It contains some interesting examples of funerary art from that period, particularly the large monument to its founder, Edward O'Neil. It fell into neglect and disrepair throughout much of the 20th century, but was cleaned and restored by a local historic preservation group in the 1990s. In 2002 it was listed on the National Register of Historic Places as part of the Historic and Architectural Resources of Albany Avenue, Kingston, Ulster County, multiple property submission (MPS). It is the only cemetery in Ulster County listed on the Register in its own right.
The cemetery is located on the east side of Albany where it turns to the northeast just 400 feet (120 m) east of its junction with Interstate 587 and NY 28, one of the main western entrances to the city. It is a rectangular 1.6-acre (6,500 m2) parcel bounded on the south by a former railroad right-of-way that curves slightly to the southwest.

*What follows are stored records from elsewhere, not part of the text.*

Lemma span_on_sum (I : finType) (P : pred I) (f : I -> F) :
  (forall i, P i -> f i \in span_on S u) -> \sum_(i | P i) f i \in span_on S u.
Proof.
move=> f_span; apply: (big_ind (fun x => x \in span_on S u)) => //.
  exact: span_on0.
exact: span_onD.
Qed.

Lemma mem_span_on_coord i : i \in S -> u i \in span_on S u.
Proof.
move=> iS; apply/imsetP; exists [ffun k => (k == i)%:R].
  apply/coefsP => k; rewrite ffunE; case: eqP => [->|_]; first by rewrite iS rpred1.
  by rewrite rpred0; case: (k \in S).
rewrite /dotp (bigD1 i) //= big1 => [|k /negPf]; rewrite ffunE ?eqxx ?mul1r ?addr0 //.
by move->; rewrite mul0r.
Qed.

End SpanOn.

Lemma span_on_sub n n' (S : {set 'I_n}) (T : {set 'I_n'}) (u : {ffun 'I_n -> F}) w :
  {in S, forall i, u i \in span_on T w} -> span_on S u \subset span_on T w.
Proof.
move=> u_span; apply/subsetP => _ /imsetP[c cS ->]; rewrite (dotp_coefs _ cS).
apply: span_on_sum => i iS; move/coefsP: cS => /(_ i); rewrite iS => Kci.
by rewrite span_onZ ?u_span.
Qed.

Lemma coords_indepP n (u : {ffun 'I_n -> F}) (S : {set 'I_n}) :
  reflect (forall c : {ffun 'I_n -> F}, {in S, forall i, c i \in Kq} ->
             \sum_(i in S) c i * u i = 0 -> {in S, forall i, c i = 0})
          (coords_indep q u S).
Proof.
apply: (iffP forallP) => [indep c Kc rel i iS | indep c].
  move/implyP: (indep c) => /(_ _)/forall_inP/(_ i iS)/eqP; apply.
  by rewrite rel eqxx andbT; apply/forall_inP.
apply/implyP => /andP[/forall_inP Kc /eqP rel]; apply/forall_inP => i iS.
by apply/eqP; apply: indep.
Qed.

On the north and east its boundaries are the property lines of homes on Albany and Elmendorf streets respectively.
Its neighborhood is residential, with most houses dating to the late 19th century. Four other houses in the neighborhood, those of John Smith, George J. Smith and Jacob Ten Broeck, as well as 184 Albany Avenue, are listed on the National Register as well.
An iron fence, with gate in the middle, runs along the sidewalk. It is of modern construction and thus not considered a contributing resource to the cemetery's historic character. The cemetery plot is level, with a few mature trees and plantings. The gravestones are located in irregular groupings, with no trace of any grid or plan evident. Two large monuments stand out: a tall vase-shaped marker for Edward O'Neil, and an obelisk for Abraham Hasbrouck, a former state legislator and U.S. congressman.

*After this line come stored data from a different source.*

Lemma is_derive_g12_y (x y : R) : is_derive (fun t => g12 x t) y (- (1 + 2 * x) / 2).
Proof.
  apply (is_derive_ext (fun t => - t * (1 + 2 * x) / 2)); [intro; now rewrite g12_poly|].
  auto_derive; [easy | field].
Qed.

Lemma is_derive_g22_y (x y : R) : is_derive (fun t => g22 x t) y (- 3 * y / 2).
Proof.
  apply (is_derive_ext (fun t => (1 - 2 * x + x * x - 3 * t * t) / 4)); [intro; now rewrite g22_poly|].
  auto_derive; [easy | field].
Qed.

(* The drift is [rho^{-1} d_j (rho g^{ij})], with [d_j rho / rho = - d_j D / (2 D)]. *)
Lemma density_drift (x y : R) : Dpoly x y <> 0 ->
  (1 - 3 * x) / 2 - (1 + 2 * x) / 2
    - (g11 x y * Dpoly_x x y + g12 x y * Dpoly_y x y) / (2 * Dpoly x y) = b1 x y
  /\ - y - 3 * y / 2
    - (g12 x y * Dpoly_x x y + g22 x y * Dpoly_y x y) / (2 * Dpoly x y) = b2 x y.
Proof.
  intro HD. rewrite g11_poly, g12_poly, g22_poly. unfold b1, b2, LZ, Dpoly_x, Dpoly_y. simpl.
  unfold Dpoly in *. split; field; lra.
Qed.

Lemma Lop_divform (f : R -> R -> R) :
  (forall x y, ex_derive (fun t => dx f t y) x) ->
  (forall x y, ex_derive (fun t => dx f x t) y) ->
  (forall x y, ex_derive (fun t => dy f t y) x) ->
  (forall x y, ex_derive (fun t => dy f x t) y) ->
  forall x y : R, 0 < Dpoly x y -> Lop f x y = divform f x y.
Proof.
  intros Hxx Hxy Hyx Hyy x y HD.
  pose proof (is_derive_Rmult _ _ x _ _ (is_derive_rho_x x y HD)
    (is_derive_Rplus _ _ x _ _
      (is_derive_Rmult _ _ x _ _ (is_derive_g11_x x y)
        (Derive_correct _ _ (Hxx x y) : is_derive _ _ (dx (dx f) x y)))
      (is_derive_Rmult _ _ x _ _ (is_derive_g12_x x y)
        (Derive_correct _ _ (Hyx x y) : is_derive _ _ (dx (dy f) x y)))))
    as Hflux_x.
  pose proof (is_derive_Rmult _ _ y _ _ (is_derive_rho_y x y HD)
    (is_derive_Rplus _ _ y _ _
      (is_derive_Rmult _ _ y _ _ (is_derive_g12_y x y)
        (Derive_correct _ _ (Hxy x y) : is_derive _ _ (dy (dx f) x y)))
      (is_derive_Rmult _ _ y _ _ (is_derive_g22_y x y)
        (Derive_correct _ _ (Hyy x y) : is_derive _ _ (dy (dy f) x y)))))
    as Hflux_y.
  unfold divform.
  change (dx (fun a b => rho a b * (g11 a b * dx f a b + g12 a b * dy f a b)) x y)
    with (Derive (fun t : R_AbsRing => rho t y * (g11 t y * dx f t y + g12 t y * dy f t y)) x).
  change (dy (fun a b => rho a b * (g12 a b * dx f a b + g22 a b * dy f a b)) x y)
    with (Derive (fun t : R_AbsRing => rho x t * (g12 x t * dx f x t + g22 x t * dy f x t)) y).
  rewrite (is_derive_unique _ _ _ Hflux_x), (is_derive_unique _ _ _ Hflux_y).
  destruct (density_drift x y (Rgt_not_eq _ _ HD)) as [Hb1 Hb2].
  unfold Lop. rewrite <- Hb1, <- Hb2.
  assert (Hrho : 0 < rho x y) by (rewrite rho_Dpoly; apply Rinv_0_lt_compat, sqrt_lt_R0, HD).
  field. split; lra.
Qed.

Lemma Dc_Zmap (a b : R) :
  Dc (Zmap a b) =
  (- ((zk u1 a b - zk u2 a b) * (zk u1 a b - zk u2 a b)
      * ((zk u2 a b - zk u3 a b) * (zk u2 a b - zk u3 a b))
      * ((zk u3 a b - zk u1 a b) * (zk u3 a b - zk u1 a b)))
   / (RtoC (2 ^ 2 * 3 ^ 3)))%C.
Proof.
  assert (E : dot u3 a b = - (dot u1 a b + dot u2 a b)) by (unfold dot, u1, u2, u3; simpl; field).
  unfold Zmap, zk. rewrite E, Cexpi_opp, Cexpi_add.
  pose proof (Cexpi_neq0 (dot u1 a b)). pose proof (Cexpi_neq0 (dot u2 a b)).
  replace (2 ^ 2 * 3 ^ 3) with 108 by ring.
  unfold Dc, GammaZZb, GammaZZ, GammaZbZb. push_Cconj.
  field. repeat split; auto.
Qed.

Theorem proposition3p5 :
  (* (1) D > 0 on the deltoid domain (D is real there) *)
  (forall Z : Complex.C, OmegaD Z -> Im (Dc Z) = 0 /\ 0 < Re (Dc Z))
  (* (2) {D = 0} is the deltoid curve, i.e. the boundary of OmegaD *)
  /\ (forall Z : Complex.C, Dc Z = RtoC 0 <-> deltoid Z)
  /\ (forall Z : Complex.C, deltoid Z <-> boundary_OmegaD Z)
  (* (3) rho = D^{-1/2} is a reversible density: L f = rho^{-1} d_i(rho g^{ij} d_j f) *)
  /\ (forall f : R -> R -> R,
        (forall x y, ex_derive (fun t => f t y) x) ->
        (forall x y, ex_derive (fun t => f x t) y) ->
        (forall x y, ex_derive (fun t => dx f t y) x) ->
        (forall x y, ex_derive (fun t => dx f x t) y) ->
        (forall x y, ex_derive (fun t => dy f t y) x) ->
        (forall x y, ex_derive (fun t => dy f x t) y) ->
        forall x y : R, OmegaD (x, y) -> Lop f x y = divform f x y)
  (* (4) D in terms of z_k = e^{i u_k . z} *)
  /\ (forall a b : R,
        Dc (Zmap a b) =
        (- ((zk u1 a b - zk u2 a b) * (zk u1 a b - zk u2 a b)
            * ((zk u2 a b - zk u3 a b) * (zk u2 a b - zk u3 a b))
            * ((zk u3 a b - zk u1 a b) * (zk u3 a b - zk u1 a b)))
         / (RtoC (2 ^ 2 * 3 ^ 3)))%C).
Proof.
  assert (Hzero : forall Z, Dc Z = RtoC 0 <-> deltoid Z).
  { intro Z. rewrite <- Dpoly_eq0_iff_deltoid, Dc_Dpoly.
    split; [now injection 1 | now intros ->]. }
  split; [| split; [exact Hzero | split; [| split]]].
  - intros Z HZ. rewrite Dc_Dpoly. split; [reflexivity|]. now apply OmegaD_iff.
  - intro Z. now rewrite boundary_OmegaD_iff, Dpoly_eq0_iff_deltoid.
  - intros f _ _ Hxx Hxy Hyx Hyy x y HO.
    apply Lop_divform; [assumption.. | exact (proj1 (OmegaD_iff (x, y)) HO)].
  - exact Dc_Zmap.
Qed.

Records and markers suggest that part of the land was in use as a cemetery as early as 1810. Its formal use for that purpose dates to 1832, when Edward O'Neil surveyed it and made a plan for 210 graves. The lots grew larger from the rear to the front, where subdivisions of 330 square feet (30.7 m2) had been reserved for the major religious denominations in town.
The Sharp cemetery is typical of a post-settlement era. Churchyards dating to colonial times had begun to fill up, and with the village rapidly growing a rural cemetery would have set aside too much land. Burying grounds, usually on the outskirts of communities, were large enough and rationally planned to handle the extra graves for the foreseeable future.

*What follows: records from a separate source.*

Lemma cv_free_energy (nm : nat -> nat) (l : R) : beta != 0 ->
  (forall m, (1 <= m)%N -> (0 < nm m)%N) ->
  Un_cv (fun m =>
    (ln 2 + ln (cosh (beta * B + (k.+1)%:R * f_theta (tanh (beta * J)) (beta * B + h')))
     + level_sum k (dlog (beta * J) (beta * B + h)) (dlog (beta * J) (beta * B + h')) (nm m))
    / (1 + level_sum k 1 1 (nm m))) l ->
  Un_cv (fun m => free_energy k beta J B (periodic_bc k h h') (nm m)) (- / beta * l).
Proof.
move=> beta_neq0 nm_gt0 cv_ratio.
have cv_const : Un_cv (fun _ => - / beta) (- / beta).
  by move=> eps eps_gt0; exists 0%N => m _; rewrite R_dist_eq.
apply: (Un_cv_eventually_ext _ _ 1%N _ _ _ _ (CV_mult _ _ _ _ cv_const cv_ratio)) => //.
move=> m m_ge1; rewrite /free_energy ln_Zn_periodic ?nm_gt0 // card_Vn.
by rewrite invfM; ssr_ring.
Qed.

End PeriodicBoundary.

Theorem proposition3 (k : nat) (beta J B h h' : R) :
  (2 <= k)%N -> 0 < beta ->
  h = k%:R * f_theta (tanh (beta * J)) (h' + beta * B) ->
  h' = k%:R * f_theta (tanh (beta * J)) (h + beta * B) ->
  Un_cv (fun m => free_energy k beta J B (periodic_bc k h h') (2 * m)%N)
        (- (k%:R + 1)^-1 * (k%:R * dfun beta J B h + dfun beta J B h')) /\
  Un_cv (fun m => free_energy k beta J B (periodic_bc k h h') (2 * m)%N.+1)
        (- (k%:R + 1)^-1 * (dfun beta J B h + k%:R * dfun beta J B h')).
Proof.
move=> k_ge2 beta_gt0 fix_h fix_h'.
have k_ge1 : (1 <= k)%N by lia.
have beta_neq0 : beta != 0 := lt0r_neq0 beta_gt0.
have k1_neq0 : k%:R + 1 != 0 :> R by rewrite natr1 pnatr_eq0.
split.
- apply: (Un_cv_eventually_ext _ _ 0%N _ _ _ _ (cv_free_energy fix_h fix_h' (nm := double)
    beta_neq0 _ (@cv_level_sum_ratio_even k _ _ _ k_ge1))) => [m _ | | m m_gt0].
  + by rewrite mul2n.
  + by rewrite !dfun_dlog //; ssr_field; rewrite k1_neq0 beta_neq0.
  + by rewrite double_gt0.
- apply: (Un_cv_eventually_ext _ _ 0%N _ _ _ _ (cv_free_energy fix_h fix_h'
    (nm := fun m => m.*2.+1) beta_neq0 _ (@cv_level_sum_ratio_odd k _ _ _ k_ge1)))
    => [m _ | | //].
  + by rewrite mul2n.
  + by rewrite !dfun_dlog //; ssr_field; rewrite k1_neq0 beta_neq0.
Qed.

Some of the graves exemplify the funerary art trends of mid-19th century American Protestantism. O'Neil's own grave, from 1856, is in a vase shape with carved laurel wreath, representing his memory. The willow and urn, representing sadness and the soul of the deceased respectively, are also found on a number of graves from this period.
The last burials took place in the 1870s. By then the larger Montrepose and Wiltwyck rural cemeteries had opened further from what was by then the city, and many families had relatives who had been buried in Sharp moved to family plots in those graveyards. A decade later, Nathaniel Bartlett Sylvester wrote in his history of the county that the old Sharp Burial Ground was "very handsome", but appeared to be getting neglected because of all the moved graves.
That decline continued until 1995, when Friends of Historic Kingston (FOHK), a local group devoted to preserving the city's historic buildings, structures and sites, cleaned it up and restored the surviving stones. At this time the fence and gate were also added. FOHK continues to maintain the cemetery.